Why is that? Because of some trailing \0?
No. utf8 is a multibyte encoding: Some characters use one byte, some two
and some even more AFAIK. The benefit of utf8 is that the ASCII characters
use the same encoding as in the 7bit ASCII code. string.length() therefore
does not always give the number of characters in the string if it is in
utf8.
Hum... I am not I follows everything but let me summarize what I
understand from current code. The std::vectors I am talking about are:
* vector<char>: could be replaced by std::basic_string<char>
* vector<unsigned char>: that is ucs2 right? That could be replaced by
std::basic_string<unsigned char>
* vector<boost::uint32_t>: I guess that is ucs4 and that could be
replaced by std::basic_string<unsigned char>
Internally we should just use one of those three types. The conversion
to this complicate utf8 encoding should happen on input/output only.
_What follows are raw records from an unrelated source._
(* Let $n$, $k$, $t$, $\ell$, $i$, $j$ be positive integers with $i\leq\min\{t,j\}$, $2t-i\leq k$, $t+j-i\leq\ell$ and $n\geq 2k$, and let $V$ be an $n$-dimensional vector space over $\mathbb{F}_q$. Suppose $\mathcal{F}\subseteq{V\brack k}$ is an almost $t$-intersecting family with $2t-i\leq\tau_t(\mathcal{F})\leq k$. If $X_1,X_2\in{V\brack \ell}$ with $\dim(X_1\cap X_2)=j$, then $$\frac{|\mathcal{F}(X_1,X_2;t,i)|}{q^{2(j-i)(t-i)}{j\brack i}{\ell-j\brack t-i}^{2}}\leq{k-t+1\brack 1}^{\tau_t(\mathcal{F})+i-2t}{n-\tau_t(\mathcal{F})\brack k-\tau_t(\mathcal{F})}+\sum_{m=0}^{\tau_t(\mathcal{F})+i-2t-1}{k-t+1\brack 1}^{m}.$$
   Context: $q$ is a prime power; ${W\brack k}$ is the set of $k$-dimensional subspaces of $W$ and ${m\brack r}$ the Gaussian binomial coefficient $\prod_{s=0}^{r-1}\frac{q^{m-s}-1}{q^{r-s}-1}$ (equal to $1$ for $r=0$). A family $\mathcal{F}\subseteq{V\brack k}$ is almost $t$-intersecting if for each $F\in\mathcal{F}$ there is at most one $F'\in\mathcal{F}$ with $\dim(F\cap F')<t$. A subspace $W$ is a $t$-cover of $\mathcal{F}$ if $\dim(W\cap F)\geq t$ for all $F\in\mathcal{F}$; $\tau_t(\mathcal{F})$ is the minimum dimension of a $t$-cover. For subspaces $A,B$ of $V$, $\mathcal{F}(A,B;t,i)=\{F\in\mathcal{F}: \dim(F\cap A)\geq t,\ \dim(F\cap B)\geq t,\ \dim(F\cap A\cap B)=i\}$. *)

From HB Require Import structures.
From mathcomp Require Import all_boot all_order all_algebra all_field.
From mathcomp Require Import finmap.
Set Implicit Arguments. Unset Strict Implicit. Unset Printing Implicit Defensive.
Import GRing.Theory Num.Theory.

Local Open Scope ring_scope.

(* Gaussian binomial [m r]_q = prod_{s<r} (q^(m-s)-1)/(q^(r-s)-1), as a rational;
   it equals 1 for r = 0 and 0 for r > m. *)
Definition gbin (q m r : nat) : rat :=
  \prod_(s < r) (((q ^ (m - s))%N%:R - 1) / ((q ^ (r - s))%N%:R - 1)).

Section Subspaces.
Variables (F : finFieldType) (vT : vectType F).
Local Open Scope fset_scope.

Definition k_family (k : nat) (Fam : {fset {vspace vT}}) : Prop :=
  forall A, A \in Fam -> \dim A = k.

Definition almost_t_intersecting (t : nat) (Fam : {fset {vspace vT}}) : Prop :=
  forall A B C, A \in Fam -> B \in Fam -> C \in Fam ->
    (\dim (A :&: B)%VS < t)%N -> (\dim (A :&: C)%VS < t)%N -> B = C.

Definition t_cover (t : nat) (Fam : {fset {vspace vT}}) (W : {vspace vT}) : Prop :=
  forall A, A \in Fam -> (t <= \dim (W :&: A)%VS)%N.

Definition is_tau_t (t : nat) (Fam : {fset {vspace vT}}) (tau : nat) : Prop :=
  (exists W, t_cover t Fam W /\ \dim W = tau) /\
  (forall W, t_cover t Fam W -> (tau <= \dim W)%N).

Definition fam_AB (Fam : {fset {vspace vT}}) (A B : {vspace vT}) (t i : nat)
  : {fset {vspace vT}} :=
  [fset X in Fam | [&& (t <= \dim (X :&: A)%VS)%N, (t <= \dim (X :&: B)%VS)%N
                     & \dim (X :&: A :&: B)%VS == i]].

End Subspaces.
Handling a multi-byte encoding internally is just a recipe for a buggy
future IMHO.
So what I do not get right here?
If the different parts all talk the same language why would there be any
confusion? I mean, if it is just a matter of adding plus or minus one,
that's not a big deal. And I guess we could still of course subclass
basic_string and re-implement length(), couldn't we?
That would not be so easys, because we would need to parse the utf8 encoded
string. Better leave that to some library.
Georg